**TASK TO COMPLETE**. Find every line below with the word "Hsame" in it, and copy each one.

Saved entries

Lemma perm_arrange_blocks f (g : {ffun 'I_k.+1 -> 'I_k.+1}) :
  (k <= m)%N -> injective f -> injective g -> perm_eq (arrange (blocks f) g) (iota 0 m).
Proof.
move=> le_km inj_f inj_g; apply: perm_trans (perm_unused_word inj_f).
by rewrite -flatten_blocks perm_arrange ?size_blocks.
Qed.

End InjectionBlocks.

Section PolarPolynomial.
Variable F : fieldType.

Definition monomial (w : seq nat) : FA F := << FMonom w >>.

Definition polar_poly n (bs : seq (seq nat)) : FA F :=
  \sum_(g : {ffun 'I_n -> 'I_n} | injectiveb g) monomial (arrange bs g).

Lemma mcoeff_monomial w t : (monomial w)@_(FMonom t) = (w == t)%:R.
Proof. by rewrite mcoeffU1. Qed.

Lemma big_monomial (I : Type) (r : seq I) (u : I -> seq nat) :
  \prod_(j <- r) monomial (u j) = monomial (flatten (map u r)).
Proof.
elim: r => [|j r IHr]; first by rewrite big_nil /monomial /= -fm1 fmK.
rewrite big_cons IHr /monomial malgM_def fgmulUU mulr1; congr << _ >>.
by apply/eqP; rewrite fmP fmM.
Qed.

Lemma monomial_nonunital w : w != [::] -> nonunital (monomial w).
Proof. by move=> w_neq0; apply/nonunitalE; rewrite mcoeffU1 fmP fm1 (negbTE w_neq0). Qed.

Lemma mcoeff_polar_poly n bs t :
  (polar_poly n bs)@_(FMonom t)
    = \sum_(g : {ffun 'I_n -> 'I_n} | injectiveb g) (arrange bs g == t)%:R.
Proof. by rewrite raddf_sum /=; apply: eq_bigr => g _; rewrite mcoeff_monomial. Qed.

Lemma Tideal_polar_poly n bs :
  (forall i : 'I_n, nth [::] bs i != [::]) -> Tideal (xvar F 1 ^+ n) (polar_poly n bs).
Proof.
move=> bs_neq0; pose y (i : 'I_n) := monomial (nth [::] bs i).
have -> : polar_poly n bs = \sum_(g : {ffun 'I_n -> 'I_n} | injectiveb g) \prod_j y (g j).
  by apply: eq_bigr => g _; rewrite /y [index_enum _]unlock -enumT big_monomial.
rewrite -polarization card_ord; apply: big_rec => [|phi p _ Tp]; first exact: Tideal0.
apply: TidealZD Tp; apply: Tideal_expr; apply/nonunitalE.
by rewrite raddf_sum big1 // => i _; apply/nonunitalE/monomial_nonunital.
Qed.
Lemma mxtrace_hermpart_mul N (A X : 'M[C]_N) : adjmx X = X ->
  \tr (A *m X) \is Num.real -> \tr (hermpart A *m X) = \tr (A *m X).
Proof.
move=> hX /conj_Creal hAX; rewrite -scalemxAl mulmxDl linearZ linearD /=.
have -> : \tr (adjmx A *m X) = (\tr (A *m X))^*.
  by rewrite -{1}hX -adjmx_mul mxtrace_adjmx mxtrace_mulC.
rewrite hAX; set x := \tr _.
by rewrite -[x + x]mulr2n -[x *+ 2]mulr_natl mulKf // pnatr_eq0.
Qed.

(* The Hermitian part spares proving that effectmx F is Hermitian; on psd X it
   does not change tr (E X). *)
Lemma mxtrace_channel_test N (F : {linear 'M[C]_N -> 'M[C]_2}) X :
  cptp F -> psdmx X -> \tr (hermpart (effectmx F) *m X) = F X i1 i1.
Proof.
move=> cpF pX; rewrite mxtrace_hermpart_mul ?psdmx_adj ?mxtrace_effectmx //.
exact/ger0_real/psdmx_diag/cptp_psdmx.
Qed.

End ChannelsAndTests.

Section SmoothedTest.
Variable R : realType.
Local Notation C := R[i].
Variables (N : nat) (Em : 'M[C]_N) (e q : R).
Hypotheses (e_ge0 : 0 <= e) (e_le1 : e <= 1) (q_ge0 : 0 <= q) (q_le1 : q <= 1).

Definition smoothed_test : 'M[C]_N :=
  ((1 - e)%:C)%C *: Em + ((e * q)%:C)%C *: 1%:M.

Lemma smoothed_test_ge0 : psdmx Em -> lownerle 0 smoothed_test.
Proof.
move=> pEm; rewrite lownerle0; apply: psdmxD; apply: psdmxZ => //.
- by rewrite ler0c subr_ge0.
- by rewrite ler0c mulr_ge0.
- exact: psdmx1.
Qed.

Lemma smoothed_test_le1 : lownerle Em 1%:M -> lownerle smoothed_test 1%:M.
Proof.
move=> Em_le1; rewrite /lownerle.
have -> : 1%:M - smoothed_test =
    ((1 - e)%:C)%C *: (1%:M - Em) + ((e * (1 - q))%:C)%C *: 1%:M.
  by apply/matrixP => i j; rewrite !mxE !rmorphB !rmorphM /= !rmorph1; ring.
apply: psdmxD; apply: psdmxZ => //.
- by rewrite ler0c subr_ge0.
- by rewrite ler0c mulr_ge0 ?subr_ge0.
- exact: psdmx1.
Qed.

Lemma mxtrace_smoothed_test X : psdmx Em -> psdmx X -> \tr X = 1 ->
  \tr (smoothed_test *m X) = (((1 - e) * complex.Re (\tr (Em *m X)) + e * q)%:C)%C.
Proof.
move=> pEm pX trX; rewrite mulmxDl linearD -!scalemxAl !linearZ /= mul1mx trX mulr1.
rewrite -[\tr (Em *m X)]RRe_real ?ger0_real ?mxtrace_psdmx_mul_ge0 //.
by rewrite -rmorphM -rmorphD.
Qed.
(* Let $R$ be a principal ideal domain and let $P$ be a lattice equipped with a compatible abelian group structure. Let $M=\bigoplus_{a\in P}M_a$ be a persistence module over $R$ indexed by $P$, viewed as a $P$-graded $R[U_0]$-module, such that each $M_a$ is a finitely generated $R$-module. Then $M$ is graded projective if and only if $M$ is graded free.
   Context: A lattice is a partially ordered set $(P,\le)$ in which every two elements $x,y$ have a join $x\vee y$ (least upper bound) and a meet $x\wedge y$ (greatest lower bound). $P$ has a compatible abelian group structure if $(P,+,0)$ is an abelian group and $a\le b$ implies $a+c\le b+c$ for all $a,b,c\in P$. Let $U_0=\{s\in P: s\ge 0\}$, a commutative monoid under $+$, and let $R[U_0]$ be its monoid ring: elements are finite formal sums $\sum_{s\in U_0}c_st^s$ with $c_s\in R$, $t^st^{s'}=t^{s+s'}$, graded by $\deg(ct^s)=s$. A persistence module over $R$ indexed by $P$ is a functor from $P$ (viewed as a category with a morphism $a\to b$ iff $a\le b$) to $R$-modules; equivalently a $P$-graded $R[U_0]$-module $M=\bigoplus_{a\in P}M_a$, where for $m\in M_a$ and $s\in U_0$, $t^s\cdot m$ is the image of $m$ under the structure map $M_a\to M_{a+s}$. Morphisms are degree-preserving $R[U_0]$-homomorphisms. $M$ is graded free if it has an $R[U_0]$-basis of homogeneous elements; $M$ is graded projective if it is a graded direct summand of a graded free module (equivalently, it has the lifting property against graded epimorphisms in the category of graded modules). *)

From HB Require Import structures.
From mathcomp Require Import all_boot all_order all_algebra.
Set Implicit Arguments. Unset Strict Implicit. Unset Printing Implicit Defensive.
Import GRing.Theory.
Local Open Scope ring_scope.

Definition is_ideal (R : comPzRingType) (I : R -> Prop) : Prop :=
  [/\ I 0, (forall x y, I x -> I y -> I (x + y)) & (forall r x, I x -> I (r * x))].

Definition PID (R : idomainType) : Prop :=
  forall I : R -> Prop, is_ideal I -> exists g : R, forall x, I x <-> exists r, x = r * g.

Definition is_lattice_order (P : Type) (le : rel P) : Prop :=
  [/\ (forall x, le x x),
      (forall x y, le x y -> le y x -> x = y),
      (forall x y z, le x y -> le y z -> le x z),
      (forall x y, exists j, [/\ le x j, le y j & forall z, le x z -> le y z -> le j z])
    & (forall x y, exists m, [/\ le m x, le m y & forall z, le z x -> le z y -> le z m])].

Definition compatible (P : zmodType) (le : rel P) : Prop :=
  forall a b c, le a b -> le (a + c) (b + c).

(* Persistence module over R indexed by (P, le): a functor from the poset P
   to R-modules. The structure map pm_map a b is only meaningful (and only
   constrained) when le a b. *)
Record pmod (R : pzRingType) (P : Type) (le : rel P) := PMod {
  pm_obj :> P -> lmodType R;
  pm_map : forall a b, {linear pm_obj a -> pm_obj b};
  pm_id : forall a x, le a a -> pm_map a a x = x;
  pm_comp : forall a b c x, le a b -> le b c ->
     pm_map a c x = pm_map b c (pm_map a b x)
}.

(* Morphisms of persistence modules = degree-preserving R[U_0]-homomorphisms. *)
Definition pmod_hom (R : pzRingType) (P : Type) (le : rel P) (M N : @pmod R P le)
  (f : forall a, M a -> N a) : Prop :=
  (forall a, linear (f a)) /\
  (forall a b x, le a b -> f b (pm_map M a b x) = pm_map N a b (f a x)).

Definition fg_module (R : pzRingType) (V : lmodType R) : Prop :=
  exists s : seq V, forall x : V, exists c : seq R,
    x = \sum_(p <- zip s c) p.2 *: p.1.
(* Both sides of det_linexp_coef_nodes_u_notin are values at u of polynomials in u. *)
Lemma det_linexp_coef_nodes_u x : injective z -> forall u,
  \det (\matrix_(k, l) linexp_coef (coefc_u x k) (coefd_u k) (nodes_u u k) l) =
  Delta z * \det ((u%:M - Zmat z) *m (x%:M - Qmat z mu) - 1%:M).
Proof.
move=> z_inj.
pose LM : 'M[{poly R[i]}]_(n.+1) := \matrix_(k, l)
  (if unlift ord_max k is Some a then (linexp_coef (x + mu a) 1 (z a) l)%:P else 'X^l).
pose RM : 'M[{poly R[i]}]_n := \matrix_(a, b)
  (('X - (z a)%:P) * ((x%:M - Qmat z mu) a b)%:P - ((a == b)%:R)%:P).
have LM_at u : (\det LM).[u] =
    \det (\matrix_(k, l) linexp_coef (coefc_u x k) (coefd_u k) (nodes_u u k) l).
  rewrite -horner_evalE -det_map_mx; congr (\det _); apply/matrixP => k l.
  rewrite !mxE /coefc_u /coefd_u /nodes_u.
  case: (unlift ord_max k) => [a|] /=; first by rewrite horner_evalE hornerC.
  by rewrite horner_evalE hornerXn /linexp_coef mulr1 mulr0 addr0.
have RM_at u : ((Delta z)%:P * \det RM).[u] =
    Delta z * \det ((u%:M - Zmat z) *m (x%:M - Qmat z mu) - 1%:M).
  rewrite hornerM hornerC -horner_evalE -det_map_mx; congr (_ * \det _).
  apply/matrixP => i j; rewrite !mxE (bigD1 i) //= big1 ?addr0; last first.
    by move=> k ik; rewrite !mxE eq_sym (negPf ik) /= subr0 mul0r.
  rewrite !mxE eqxx /= horner_evalE hornerD hornerN hornerM hornerXsubC !hornerC.
  by rewrite mulr1n.
have LM_RM : \det LM - (Delta z)%:P * \det RM = 0.
  apply: (@poly_eq0_cofinite _ _ [seq z a | a <- enum 'I_n]) => u u_notin.
  rewrite hornerD hornerN LM_at RM_at det_linexp_coef_nodes_u_notin ?subrr // => a.
  by apply: contra u_notin => /eqP ->; apply: map_f; rewrite mem_enum.
by move=> u; rewrite -LM_at -RM_at; move/eqP: LM_RM; rewrite subr_eq0 => /eqP ->.
Qed.

End Wronskians.

Theorem lemma4p1 (R : realType) (n : nat) (z mu : 'I_n -> R[i]) :
  injective z ->
  (forall u x : R[i],
      Wux z mu u x
      = Delta z * \det ((u%:M - Zmat z) *m (x%:M - Qmat z mu) - 1%:M)) /\
  (forall x : R[i], W0 z mu x = Delta z * \det (x%:M - Qmat z mu)).
Proof.
move=> z_inj; split => [u x|x].
  by rewrite Wux_det_linexp_coef det_linexp_coef_nodes_u.
by rewrite W0_det_linexp_coef (det_linexp_coef z_inj) Qmat_cauchyE.
Qed.
Lemma d2sq_head_small c' cc t : 0 < c' -> c' <= cc -> cc < psum c M -> 0 <= t ->
  d2sq_head c (jn c cc) t <= c' + cc * exp (-2 * lam c (jn c c') * t).
Proof.
intros H0 H1 H2 Ht.
destruct (jn_spec c cc ltac:(fold M; lra) H2) as [Hj [_ Hj1]].
destruct (jn_spec c c' H0 ltac:(fold M; lra)) as [Hk [_ Hk1]].
assert (Hkj := jn_le c c' cc H0 H1 H2).
assert (HB := d2sq_head_le (jn c cc) (jn c c') t Ht ltac:(lia) Hkj ltac:(lia)).
assert (0 < exp (-2 * lam c (jn c c') * t)) by apply exp_pos.
assert (psum c (jn c cc - 1) * exp (-2 * lam c (jn c c') * t) <= cc * exp (-2 * lam c (jn c c') * t))
  by (apply Rmult_le_compat_r; lra).
lra.
Qed.

Lemma d2sq_le_tau_add cc u : 0 < cc -> cc < psum c M -> 0 < u ->
  d2sq c (taun c cc + u) <= cc + (1 + 2 * (taun c cc + u) / u) * exp (-2 * lam c (jn c cc) * u).
Proof.
intros Hc HcM Hu.
destruct (jn_spec c cc Hc HcM) as [Hj [_ Hj1]]. destruct (taun_spec cc Hc HcM) as [Hk [_ Ht0]].
rewrite (d2sq_split c (jn c cc)) by auto.
assert (Hhead := d2sq_head_le_psum (jn c cc) (taun c cc + u) ltac:(lra) Hj).
assert (Htail := d2sq_tail_le_abel (jn c cc) (taun c cc) u Hj Ht0 Hu Hk).
lra.
Qed.

Lemma d2sq_le_tau_add_sharp c' cc u : 0 < c' -> c' <= cc -> cc < psum c M -> 0 < u ->
  d2sq c (taun c cc + u) <= c' + cc * exp (-2 * lam c (jn c c') * (taun c cc + u))
    + (1 + 2 * (taun c cc + u) / u) * exp (-2 * lam c (jn c cc) * u).
Proof.
intros H0 H1 HcM Hu.
destruct (jn_spec c cc ltac:(fold M; lra) HcM) as [Hj _]. destruct (taun_spec cc ltac:(fold M; lra) HcM) as [Hk [_ Ht0]].
rewrite (d2sq_split c (jn c cc)) by auto.
assert (Hhead := d2sq_head_small c' cc (taun c cc + u) H0 H1 HcM ltac:(lra)).
assert (Htail := d2sq_tail_le_abel (jn c cc) (taun c cc) u Hj Ht0 Hu Hk).
lra.
Qed.

Lemma d2sq_le_shift c' cc t s : 0 < c' -> c' <= cc -> cc < psum c M -> 0 <= t -> 0 <= s ->
  d2sq c (t + s) <= c' + cc * exp (-2 * lam c (jn c c') * (t + s))
    + exp (-2 * lam c (jn c cc) * s) * d2sq c t.
Proof.
intros H0 H1 HcM Ht Hs.
destruct (jn_spec c cc ltac:(fold M; lra) HcM) as [Hj _].
rewrite (d2sq_split c (jn c cc)) by auto.
assert (Hhead := d2sq_head_small c' cc (t + s) H0 H1 HcM ltac:(lra)).
assert (Htail := d2sq_tail_decay (jn c cc) t s Hs Hj).
assert (Htail_le := d2sq_tail_le c (jn c cc) t Hj).
assert (0 < exp (-2 * lam c (jn c cc) * s)) by apply exp_pos.
assert (exp (-2 * lam c (jn c cc) * s) * d2sq_tail c (jn c cc) t
  <= exp (-2 * lam c (jn c cc) * s) * d2sq c t) by (apply Rmult_le_compat_l; lra).
lra.
Qed.

(* With [x = sqrt (tau lam_j)], the window [sqrt (tau / lam_j) = x / lam_j] turns the
   tail bound into [(3 + 2 x) exp (-2 x)]. *)
Lemma d2sq_le_tau_add_sqrt c' cc : 0 < c' -> c' <= cc -> cc < psum c M -> 0 < taun c cc ->
  d2sq c (taun c cc + sqrt (taun c cc / lam c (jn c cc)))
  <= c' + cc * exp (-2 * lam c (jn c c') * (taun c cc + sqrt (taun c cc / lam c (jn c cc))))
     + 3 / (1 + sqrt (taun c cc * lam c (jn c cc))).
Proof.
intros H0 H1 HcM Hta.
destruct (jn_spec c cc ltac:(fold M; lra) HcM) as [Hj _].
assert (Hl : 0 < lam c (jn c cc)) by (apply lam_pos; lia).
set (ta := taun c cc) in *. set (l := lam c (jn c cc)) in *.
set (x := sqrt (ta * l)).
assert (Hx0 : 0 < x) by (apply sqrt_lt_R0; nra).
assert (Hxx : x * x = ta * l) by (apply sqrt_sqrt; nra).
assert (Hs : sqrt (ta / l) = x / l).
{ rewrite <- (sqrt_pow2 (x / l)) by (apply Rlt_le, Rdiv_lt_0_compat; lra). f_equal.
  replace ((x / l) ^ 2) with (x * x / (l * l)) by (field; lra). rewrite Hxx. field. lra. }
rewrite Hs.
assert (Hup := d2sq_le_tau_add_sharp c' cc (x / l) H0 H1 HcM ltac:(apply Rdiv_lt_0_compat; lra)).
fold ta l in Hup.
replace (1 + 2 * (ta + x / l) / (x / l)) with (3 + 2 * x)
  in Hup by (replace ta with (x * x / l) by (rewrite Hxx; field; lra); field; lra).
replace (-2 * l * (x / l)) with (- (2 * x)) in Hup by (field; lra).
assert (Hexp := affine_exp_neg_le x (Rlt_le _ _ Hx0)).
lra.
Qed.

End DecayProfile.

Definition spectral_chain (c : chain) : Prop := rev_chain c /\ spectral_data c.

Lemma spectral_lam_le c : spectral_chain c ->
  forall i k, (1 <= i)%nat -> (i <= k)%nat -> (k <= sz c - 1)%nat -> lam c i <= lam c k.
Proof.
intros [[Hsz _] [_ [_ [_ [_ [_ Hm]]]]]] i k H1 H2 H3. apply Hm; lia.
Qed.

Lemma spectral_lam1_pos c : spectral_chain c -> (1 <= sz c - 1)%nat -> 0 < lam c 1.
Proof. intros [_ [_ [_ [_ [_ [Hp _]]]]]] H. apply Hp. lia. Qed.

Lemma spectral_d2 c t : spectral_chain c -> Defs.d2 c t = sqrt (d2sq c t).
Proof. intros [Hc Hs]. apply d2_sqrt_d2sq; auto. Qed.

Lemma spectral_chi2 c : spectral_chain c -> chi2 c = 1 + psum c (sz c - 1).
Proof. intros [Hc Hs]. apply chi2_psum; auto. Qed.

Lemma d2sq_continuity c : continuity (d2sq c).
Proof.
unfold d2sq. apply (continuity_sumN _ (fun i t => d2sq_term c i t)).
intros i. unfold d2sq_term. reg.
Qed.

Section SpectralChain.
Variable c : chain.
Hypothesis Hc : spectral_chain c.
Let M := (sz c - 1)%nat.
Let Hlam_mono := spectral_lam_le c Hc.
Let Hlam1_pos := spectral_lam1_pos c Hc.

Lemma d2sq_decay t : 0 <= t -> (1 <= M)%nat -> d2sq c t <= exp (-2 * lam c 1 * t) * d2sq c 0.
Proof.
intros Ht HM1.
rewrite (d2sq_split c 1 t), (d2sq_split c 1 0) by lia.
unfold d2sq_head. simpl. rewrite !Rplus_0_l.
replace t with (0 + t) at 1 by ring. apply d2sq_tail_decay; auto; lia.
Qed.

Lemma d2sq_eventually_le e : 0 < e -> exists B, 0 <= B /\ d2sq c B <= e.
Proof.
intros He. destruct (Nat.le_gt_cases M 0) as [HM0|HM1].
- exists 0. split; [lra|]. unfold d2sq. fold M. replace M with 0%nat by lia. simpl. lra.
- assert (Hl1 : 0 < lam c 1) by (apply Hlam1_pos; lia).
  destruct (exp_neg_small (d2sq c 0) e He) as [X [HX HXe]].
  assert (HB : 0 < X / (2 * lam c 1)) by (apply Rdiv_lt_0_compat; lra).
  exists (X / (2 * lam c 1)). split; [lra|].
  eapply Rle_trans; [apply d2sq_decay; [lra|lia]|].
  replace (-2 * lam c 1 * (X / (2 * lam c 1))) with (- X) by (field; lra).
  rewrite Rmult_comm. apply HXe. lra.
Qed.
Lemma content_canonical T z : content (canonical_text T) z <-> content T z.
Proof.
  split.
  - intros [i E]. destruct (classic (exists k, i < n_distinct T k)) as [[k Hk]|Hn].
    + apply (content_prefix_content T k), content_prefix_canonical. now exists i.
    + rewrite canonical_text_none in E; [discriminate|].
      intros k. destruct (Nat.lt_ge_cases i (n_distinct T k)); [exfalso; eauto|auto].
  - intros [j E]. apply (content_prefix_content _ (n_distinct T (S j))), content_prefix_canonical.
    apply content_prefix_S. now right.
Qed.

Lemma prefix_canonical T k : map enc_item (prefix (canonical_text T) (n_distinct T k)) = new_items T k.
Proof.
  apply nth_ext with (d := 0) (d' := 0); unfold prefix.
  - now rewrite length_new_items, !length_map, length_seq.
  - intros i Hi. rewrite !length_map, length_seq in Hi.
    rewrite (nth_indep _ 0 (enc_item None)) by now rewrite !length_map, length_seq.
    rewrite map_nth, (nth_indep _ None (canonical_text T 0)) by now rewrite length_map, length_seq.
    rewrite map_nth, seq_nth by exact Hi. simpl.
    rewrite (canonical_text_spec T i k Hi). symmetry. now apply nth_new_items_succ.
Qed.

Lemma enc_set_canonical T k :
  enc_set (content_list (canonical_text T) (n_distinct T k)) = enc_set (content_list T k).
Proof.
  apply enc_set_ext. intros y. now rewrite !In_content_list, content_prefix_canonical.
Qed.

Lemma popcount_enc_set T k :
  popcount_below (enc_set (content_list T k)) (enc_set (content_list T k)) = n_distinct T k.
Proof.
  rewrite <- length_bit_list. unfold n_distinct. set (d := enc_set (content_list T k)).
  assert (Hsame : forall e, In e (bit_list d d) <-> In e (new_items_rev T k)).
  { intros [|z].
    - pose proof (zero_notin_bit_list d d). pose proof (zero_notin_new_items_rev T k). tauto.
    - unfold d. rewrite In_succ_bit_list_content, In_new_items_rev. split; [eauto|].
      now intros (z' & [= ->] & H). }
  apply Nat.le_antisymm; apply NoDup_incl_length;
    auto using NoDup_bit_list, NoDup_new_items_rev; intros e; apply Hsame.
Qed.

**OUTPUT**.
  assert (Hsame : forall e, In e (bit_list d d) <-> In e (new_items_rev T k)).
    auto using NoDup_bit_list, NoDup_new_items_rev; intros e; apply Hsame.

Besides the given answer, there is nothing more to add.